I just farted. And everybody around me is looking at the fat girl to my left. I win.
What I thought it would be sexy pouring melted chocolate down here chest, ended up in second degree burns. Hot food and sex do not mix.
i woke up with my wallet keys and phone missing and a treasure map to find them stapled to my shirt.
haha i know
You swear the intervention is for her? I've fallen for that one twice.
and after i failed the breathalyzer i said to the cop "i've never been very good at tests"....
Doing Jager Bombs on a Sunday morning is justified...How else is my team going to win?
Bring my gorilla suit and my bong.
Oh its going to be that type of weekend?
Apparently im getting a reputation for how i mix drinks. Im the midas of booze. Everything i touch turns to koolaid.
That's what you get for dating construction workers you meet in tunnels.
He is peeing inside and sticking up for himself.
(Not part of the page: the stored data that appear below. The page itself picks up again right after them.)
(* [B] is small on the almost-norming vectors of [T], which lie near [+-x0]
   where [B] vanishes; on the other vectors [T] has room to spare. *)
Lemma opnorm_add_vanishing B e : is_op B -> B x0 = 0 -> 0 < e ->
  exists2 s, 0 < s & opnorm (fun x => s *: B x + T x) <= 1 + s * e.
Proof.
move=> hB Bx0 e0; have L0 := opnorm_ge0 (fin_bounded hB); set L := opnorm B in L0 *.
have L1 : 0 < L + 1 by lra.
pose eta := e / (L + 1); have eta0 : 0 < eta by rewrite divr_gt0.
have Leta : L * eta + eta = e by rewrite -[eta in _ + eta]mul1r -mulrDl mulrC divfK ?gt_eqF.
have [d d0 near] := near_norming_near_pm eta0.
pose s := d / (L + 1); have s0 : 0 < s by rewrite divr_gt0.
have sL : s * L + s = d by rewrite -[s in _ + s]mulr1 -mulrDr divfK ?gt_eqF.
exists s => //; apply: opnorm_le => x x1.
have Tx1 : `|T x| <= 1 by rewrite -nT; exact: opnorm_ub (fin_bounded hT) x x1.
have B_le y : `|B y| <= L * `|y| := opnorm_bound hB (fin_bounded hB) y.
apply: le_trans (ler_normD _ _) _; rewrite normrZ gtr0_norm //.
have [/(near x x1) near_x0 | far] := ltP (1 - d) `|T x|.
  have Bx : `|B x| <= L * eta.
    case: near_x0 => xx0.
      rewrite -[x](subrK x0) (opD hB) Bx0 addr0.
      exact: le_trans (B_le _) (ler_wpM2l L0 (ltW xx0)).
    rewrite -[x](addrK x0) (opB hB) Bx0 subr0.
    exact: le_trans (B_le _) (ler_wpM2l L0 (ltW xx0)).
  have : s * `|B x| <= s * e by rewrite ler_pM2l //; lra.
  lra.
have : s * `|B x| <= s * L by rewrite ler_pM2l // (le_trans (B_le x)) ?ler_piMr.
have : 0 <= s * e by rewrite mulr_ge0 ?ltW.
lra.
Qed.

Lemma op_norming_vanish Phi B : op_norming_functional T Phi -> is_op B -> B x0 = 0 ->
  Phi B = 0.
Proof.
move=> [hPhi [nPhi PhiT]].
suff le0 C : is_op C -> C x0 = 0 -> Phi C <= 0.
  move=> hB Bx0; apply/eqP; rewrite eq_le le0 //= -oppr_le0 -mulN1r -op_dualZ //.
  by apply: le0; [exact: is_op_scale | rewrite Bx0 scaler0].
move=> hC Cx0; apply/ler_addgt0Pr => e e0; rewrite add0r.
have [s s0 sC] := opnorm_add_vanishing hC Cx0 e0.
have : Phi (fun x => s *: C x + T x) <= 1 + s * e.
  apply: le_trans (ler_norm _) (le_trans _ sC).
  by have := op_dual_norm1_le hPhi nPhi (is_op_comb s hC hT).
by rewrite hPhi.1 // PhiT nT addrC lerD2l ler_pM2l.
Qed.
Those are two of the four signs of the apocalypse.
we told the drug dealer that our car was dead and we needed a jump so he would bring the drugs to us...
Every minute you wait for the sex that's not gonna happen, we're missing a tone deaf, drunk, tard-asaurus rex half-sing a 90's song to a bunch of other dinotards at karaoke.
I have never appreciated strippers so much. Ma'am, you are an artist
I didn't realize how much I relied on you for a reason to drink on tuesday
So, my first week in Saskatchewan ended with me drinking moonshine and getting eaten out in a tractor. I already love it here!